I can't wait for series 4! There is going to be a pretty grotesque amputation taking place.......

----------


## soapaddict

when does it come back on our screens

----------


## Behemoth

Dunno. Some time this year.....helpful, eh.

----------


## soapaddict

> Dunno. Some time this year.....helpful, eh.



very   :Roll Eyes (Sarcastic):   :Big Grin:  

take it there is no date yet.

----------


## catrindavies05

When does footballers wives start again? i've missed it and can't wait for the drama to begin again!

----------


## tina_freeze89

> looking forward to new series . not sure will be watching after this one though footballers wifes will not seem the same without tanya turner. lets hope she sees sense and comes back!

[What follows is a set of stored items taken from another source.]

(* Let $(\mathfrak M,w)=(W,R,V,w)$ be a pointed model, and let $Unr_w(\mathfrak M)=(W',R',V')$ and $Unr^{re}_w(\mathfrak M)=(W',R^*,V')$ be its unravelling and reflexive unravelling from $w$. Then: (1) for every $\varphi\in Form$ and $(s_0,\dots,s_n)\in W'$: $Unr_w(\mathfrak M),(s_0,\dots,s_n)\models\varphi$ iff $\mathfrak M,s_n\models\varphi$; (2) if $R$ is reflexive, then for every $\varphi\in Form$ and $(s_0,\dots,s_n)\in W'$: $Unr^{re}_w(\mathfrak M),(s_0,\dots,s_n)\models\varphi$ iff $\mathfrak M,s_n\models\varphi$; (3) if $\mathfrak M\in\mathcal D_{P-}$, then $Unr_w(\mathfrak M)$ is an interpretation; (4) if $R$ is reflexive, then $Unr^{re}_w(\mathfrak M)$ is an interpretation with reflexive relation.
   Context: $Form$: $\varphi::=p\mid\bot\mid(\varphi\wedge\varphi)\mid(\varphi\to\varphi)$ over a countable set $P0$. A model is $(W,R,V)$ with $W\neq\emptyset$, $R\subseteq W\times W$, $V:P0\to\wp(W)$. Satisfaction: $\bot$ never true; $p$ true at $s$ iff $s\in V(p)$; $\wedge$ pointwise; $\mathfrak M,s\models\varphi\to\psi$ iff for all $t$ with $sRt$, $\mathfrak M,t\models\varphi$ implies $\mathfrak M,t\models\psi$. For $X\subseteq W$: $-X=W\setminus X$, $R[X]=\{t:\exists s\in X,\ sRt\}$, $R^\Box(X)=\{s:\forall t\,(sRt\Rightarrow t\in X)\}$. A proposition of $(W,R)$ is $X\subseteq W$ with $R[X]\cap R^\Box(R[X])\subseteq X$; an interpretation is a model with every $V(p)$ a proposition. $\mathcal D_{P-}$ is the class of models with $V(p)\subseteq R^\Box(-R^\Box(\emptyset)\cup V(p))$ for all $p\in P0$. Unravelling: $W'$ is the set of finite sequences $(s_0,\dots,s_n)$, $n\in\mathbb N$, of elements of $W$ with $s_0=w$ and $s_iRs_{i+1}$ for $0\le i<n$; $(s_0,\dots,s_n)R'(t_0,\dots,t_m)$ iff $m=n+1$ and $(t_0,\dots,t_n)=(s_0,\dots,s_n)$; $V'(p)=\{(s_0,\dots,s_n)\in W':s_n\in V(p)\}$. $R^*$ is the reflexive closure of $R'$. *)

From Stdlib Require Import List.
Import ListNotations.
Set Implicit Arguments.

Inductive form : Type :=
| Var : nat -> form
| Bot : form
| And : form -> form -> form
| Imp : form -> form -> form.

(* Satisfaction in a model (W,R,V); W nonempty is ensured by the point w. *)
Fixpoint sat (W : Type) (R : W -> W -> Prop) (V : nat -> W -> Prop)
  (s : W) (phi : form) : Prop :=
  match phi with
  | Var p => V p s
  | Bot => False
  | And a b => sat R V s a /\ sat R V s b
  | Imp a b => forall t, R s t -> sat R V t a -> sat R V t b
  end.

Definition setC (W : Type) (X : W -> Prop) : W -> Prop := fun s => ~ X s.
Definition setU (W : Type) (X Y : W -> Prop) : W -> Prop := fun s => X s \/ Y s.
Definition setI (W : Type) (X Y : W -> Prop) : W -> Prop := fun s => X s /\ Y s.
Definition set0 (W : Type) : W -> Prop := fun _ => False.
Definition subset (W : Type) (X Y : W -> Prop) : Prop := forall s, X s -> Y s.

Definition Rimg (W : Type) (R : W -> W -> Prop) (X : W -> Prop) : W -> Prop :=
  fun t => exists s, X s /\ R s t.
Definition Rbox (W : Type) (R : W -> W -> Prop) (X : W -> Prop) : W -> Prop :=
  fun s => forall t, R s t -> X t.

Definition is_proposition (W : Type) (R : W -> W -> Prop) (X : W -> Prop) : Prop :=
  subset (setI (Rimg R X) (Rbox R (Rimg R X))) X.

Definition interpretation (W : Type) (R : W -> W -> Prop) (V : nat -> W -> Prop) : Prop :=
  forall p, is_proposition R (V p).

Definition in_DPminus (W : Type) (R : W -> W -> Prop) (V : nat -> W -> Prop) : Prop :=
  forall p, subset (V p) (Rbox R (setU (setC (Rbox R (@set0 W))) (V p))).

Definition reflexive (W : Type) (R : W -> W -> Prop) : Prop := forall s, R s s.

Fixpoint chain (W : Type) (R : W -> W -> Prop) (l : list W) : Prop :=
  match l with
  | [] => True
  | x :: l' => match l' with
               | [] => True
               | y :: _ => R x y /\ chain R l'
               end
  end.

Definition is_unr_point (W : Type) (R : W -> W -> Prop) (w : W) (l : list W) : Prop :=
  (exists l', l = w :: l') /\ chain R l.

Definition UnrW (W : Type) (R : W -> W -> Prop) (w : W) : Type :=
  { l : list W | is_unr_point R w l }.

Definition lastel (W : Type) (R : W -> W -> Prop) (w : W) (s : UnrW R w) : W :=
  last (proj1_sig s) w.

Definition UnrR (W : Type) (R : W -> W -> Prop) (w : W) (s t : UnrW R w) : Prop :=
  length (proj1_sig t) = S (length (proj1_sig s)) /\
  firstn (length (proj1_sig s)) (proj1_sig t) = proj1_sig s.

Definition UnrV (W : Type) (R : W -> W -> Prop) (V : nat -> W -> Prop) (w : W)
  (p : nat) (s : UnrW R w) : Prop := V p (lastel s).

Definition UnrRre (W : Type) (R : W -> W -> Prop) (w : W) (s t : UnrW R w) : Prop :=
  UnrR s t \/ s = t.

(* The last-element map lastel is a bounded morphism from Unr_w(M) to M, and
   also from the reflexive unravelling when R is reflexive; bounded morphisms
   preserve truth, which gives (1) and (2).
   For (3) and (4) the point is that in the unravelling every sequence has at
   most one R'-predecessor: if t lies in R'[V'(p)] and in the box of it and t
   has any successor, that successor's unique predecessor is t itself, so t is
   in V'(p); the only remaining case, s_n without successors, is excluded by
   the D_{P-} condition, and cannot occur at all when R is reflexive. *)

From Stdlib Require Import List Arith Classical ProofIrrelevance Lia.
Import ListNotations.
Set Implicit Arguments.

Section BoundedMorphism.

Variables (W1 W2 : Type) (R1 : W1 -> W1 -> Prop) (R2 : W2 -> W2 -> Prop).
Variables (V1 : nat -> W1 -> Prop) (V2 : nat -> W2 -> Prop) (f : W1 -> W2).

Hypothesis f_forth : forall x y, R1 x y -> R2 (f x) (f y).
Hypothesis f_back : forall x v, R2 (f x) v -> exists y, R1 x y /\ f y = v.
Hypothesis f_val : forall p x, V1 p x <-> V2 p (f x).

Lemma sat_bounded_morphism (phi : form) (x : W1) :
  sat R1 V1 x phi <-> sat R2 V2 (f x) phi.
Proof.
  revert x; induction phi as [p| |a IHa b IHb|a IHa b IHb]; intro x; simpl.
  - apply f_val.
  - tauto.
  - rewrite IHa, IHb; tauto.
  - split.
    + intros H v Hxv Hav.
      destruct (f_back Hxv) as [y [Hxy <-]].
      apply IHb, H; [exact Hxy | apply IHa, Hav].
    + intros H y Hxy Hay.
      apply IHb, H; [apply f_forth, Hxy | apply IHa, Hay].
Qed.

End BoundedMorphism.

Lemma Rbox_Rimg_unique_pred (W : Type) (R : W -> W -> Prop) (X : W -> Prop) (t u : W) :
  (forall x y, R x u -> R y u -> x = y) ->
  Rbox R (Rimg R X) t -> R t u -> X t.
Proof.
  intros Hpred Hbox Htu.
  destruct (Hbox u Htu) as [y [Xy Hyu]].
  rewrite <- (Hpred y t Hyu Htu); exact Xy.
Qed.

Section Unravelling.

Variables (W : Type) (R : W -> W -> Prop) (w : W).

Lemma chain_snoc (x : W) (l : list W) (t : W) :
  chain R (x :: l ++ [t]) <-> chain R (x :: l) /\ R (last (x :: l) w) t.
Proof.
  revert x; induction l as [|y l IH]; intro x; simpl.
  - tauto.
  - rewrite (IH y); destruct l; simpl; tauto.
Qed.

Lemma UnrR_snoc (s t : UnrW R w) :
  UnrR s t -> exists u, proj1_sig t = proj1_sig s ++ [u].
Proof.
  intros [Hlen Hpre].
  rewrite <- (firstn_skipn (length (proj1_sig s)) (proj1_sig t)), Hpre.
  assert (Hrest : length (skipn (length (proj1_sig s)) (proj1_sig t)) = 1)
    by (rewrite length_skipn; lia).
  destruct (skipn _ _) as [|u [|]]; try discriminate.
  exists u; reflexivity.
Qed.

Definition unr_extend (s : UnrW R w) (t : W) (Ht : R (lastel s) t) : UnrW R w.
Proof.
  exists (proj1_sig s ++ [t]).
  destruct s as [l [[l' ->] Hc]]; split.
  - exists (l' ++ [t]); reflexivity.
  - apply chain_snoc; split; assumption.
Defined.

Lemma UnrR_extend (s : UnrW R w) t (Ht : R (lastel s) t) :
  UnrR s (unr_extend s Ht).
Proof.
  unfold UnrR; simpl; rewrite length_app; split; [simpl; lia|].
  rewrite firstn_app, firstn_all, Nat.sub_diag; apply app_nil_r.
Qed.

Lemma lastel_extend (s : UnrW R w) t (Ht : R (lastel s) t) :
  lastel (unr_extend s Ht) = t.
Proof. apply last_last. Qed.

Lemma UnrR_lastel (s t : UnrW R w) : UnrR s t -> R (lastel s) (lastel t).
Proof.
  intro Hst; destruct (UnrR_snoc Hst) as [u Ht]; clear Hst.
  destruct t as [lt [Ht0 Hc]], s as [ls [[l' ->] Hs0]]; simpl in Ht; subst lt.
  unfold lastel; simpl proj1_sig; rewrite app_comm_cons, last_last.
  exact (proj2 (proj1 (chain_snoc w l' u) Hc)).
Qed.

Lemma UnrR_back (s : UnrW R w) (t : W) :
  R (lastel s) t -> exists s', UnrR s s' /\ lastel s' = t.
Proof.
  intro Ht; exists (unr_extend s Ht); split.
  - apply UnrR_extend.
  - apply lastel_extend.
Qed.

Lemma UnrR_pred_unique (x y t : UnrW R w) : UnrR x t -> UnrR y t -> x = y.
Proof.
  intros [Hx Hfx] [Hy Hfy].
  assert (Hlen : length (proj1_sig x) = length (proj1_sig y)) by lia.
  destruct x as [lx px], y as [ly py]; simpl in *.
  apply subset_eq_compat.
  rewrite <- Hfx, <- Hfy, Hlen; reflexivity.
Qed.

Variable V : nat -> W -> Prop.

Lemma sat_unravelling (phi : form) (s : UnrW R w) :
  sat (@UnrR W R w) (UnrV V (w:=w)) s phi <-> sat R V (lastel s) phi.
Proof.
  apply sat_bounded_morphism.
  - exact UnrR_lastel.
  - exact UnrR_back.
  - reflexivity.
Qed.

Lemma sat_refl_unravelling (phi : form) (s : UnrW R w) :
  reflexive R ->
  sat (@UnrRre W R w) (UnrV V (w:=w)) s phi <-> sat R V (lastel s) phi.
Proof.
  intro Hrefl; apply sat_bounded_morphism.
  - intros x y [Hxy | <-]; [apply UnrR_lastel, Hxy | apply Hrefl].
  - intros x v Hxv; destruct (@UnrR_back x v Hxv) as [y [Hxy Hy]].
    exists y; split; [left|]; assumption.
  - reflexivity.
Qed.

Lemma unravelling_interpretation :
  in_DPminus R V -> interpretation (@UnrR W R w) (UnrV V (w:=w)).
Proof.
  intros HD p t [[x [Vx Hxt]] Hbox]; unfold UnrV in *.
  destruct (HD p _ Vx _ (UnrR_lastel Hxt)) as [Hsucc | Vt]; [|exact Vt].
  destruct (classic (V p (lastel t))) as [Vt | nVt]; [exact Vt|].
  exfalso; apply Hsucc; intros u Hu; apply nVt.
  exact (Rbox_Rimg_unique_pred _ (fun x y => @UnrR_pred_unique x y _) Hbox (UnrR_extend t Hu)).
Qed.

Lemma refl_unravelling_interpretation :
  reflexive R -> interpretation (@UnrRre W R w) (UnrV V (w:=w)).
Proof.
  intros Hrefl p t [_ Hbox].
  assert (Htu := UnrR_extend t (Hrefl (lastel t))).
  destruct (Hbox _ (or_introl Htu)) as [y [Vy [Hyu | ->]]].
  - rewrite <- (UnrR_pred_unique Hyu Htu); exact Vy.
  - unfold UnrV in *; rewrite lastel_extend in Vy; exact Vy.
Qed.

End Unravelling.

Theorem mainTheorem15 (W : Type) (R : W -> W -> Prop) (V : nat -> W -> Prop) (w : W) :
  (forall (phi : form) (s : UnrW R w),
      sat (@UnrR W R w) (UnrV V (w:=w)) s phi <-> sat R V (lastel s) phi) /\
  (reflexive R ->
   forall (phi : form) (s : UnrW R w),
      sat (@UnrRre W R w) (UnrV V (w:=w)) s phi <-> sat R V (lastel s) phi) /\
  (in_DPminus R V -> interpretation (@UnrR W R w) (UnrV V (w:=w))) /\
  (reflexive R ->
   interpretation (@UnrRre W R w) (UnrV V (w:=w)) /\ reflexive (@UnrRre W R w)).
Proof.
  split; [|split; [|split]].
  - apply sat_unravelling.
  - intros Hrefl phi s; apply sat_refl_unravelling, Hrefl.
  - apply unravelling_interpretation.
  - intro Hrefl; split.
    + apply refl_unravelling_interpretation, Hrefl.
    + intro s; right; reflexivity.
Qed.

Let's hope the producers see sense and let tanya get the better of amber before tanya leaves the show. I mean if tanya and amber have the babies, tanya's baby fathered by conrad and amber's by a sperm donor but tanya thinks her baby's frank's and amber's baby is conrads, she swaps them round. Then she finds out that her baby reli belonged to conrad but the baby is smothered by amber's dog causing grief to both the unknowns (conrad and amber) and tanya....this is obviously a lot of grief for tanya who is one of the best characters that the show has ever seen - but we, the viewers, want to see her leaving on a good not....if she leaves at all it shud b a dramatic plot line where amber gets her comeuppance. If footballer's wives let tanya turner leave the show as the recessive party then that spells out only one message - she'll be back in the future for revenge (unless of course they kill her off which would be absolutely tragic)

----------


## Debs

> When does footballers wives start again? i've missed it and can't wait for the drama to begin again!


the new series is starting on thursday 31 march at 9pm :Cheer:

----------


## soapaddict

seen clips in between programmes and it looks really good.

cant wait!!

----------


## sam'n'phil

Gillian Tailforth hasn't left! Jackie and roger get married this series and she said she wants to stay on. apparently roger's son (Sebb) wnats to destroy rogers life, so he tries to get it on with jackie! ( it said this in heat....)
"About time too! Roger and Jackie get hitched- but htis is footballers wives, so dont expect things to run smoothly. especially when rogers son takes a shine to his dad's missus, and things fo more than a step too far..."

----------


## Katy

yeh cant wait. Four more days to go. (including today)

----------


## eastenders mad

Thursday

I can't wait for it 2 start.

i really don't want Tanya 2 leave though she is the best.

Have u seen the trailers for footballers wives it looks great.

----------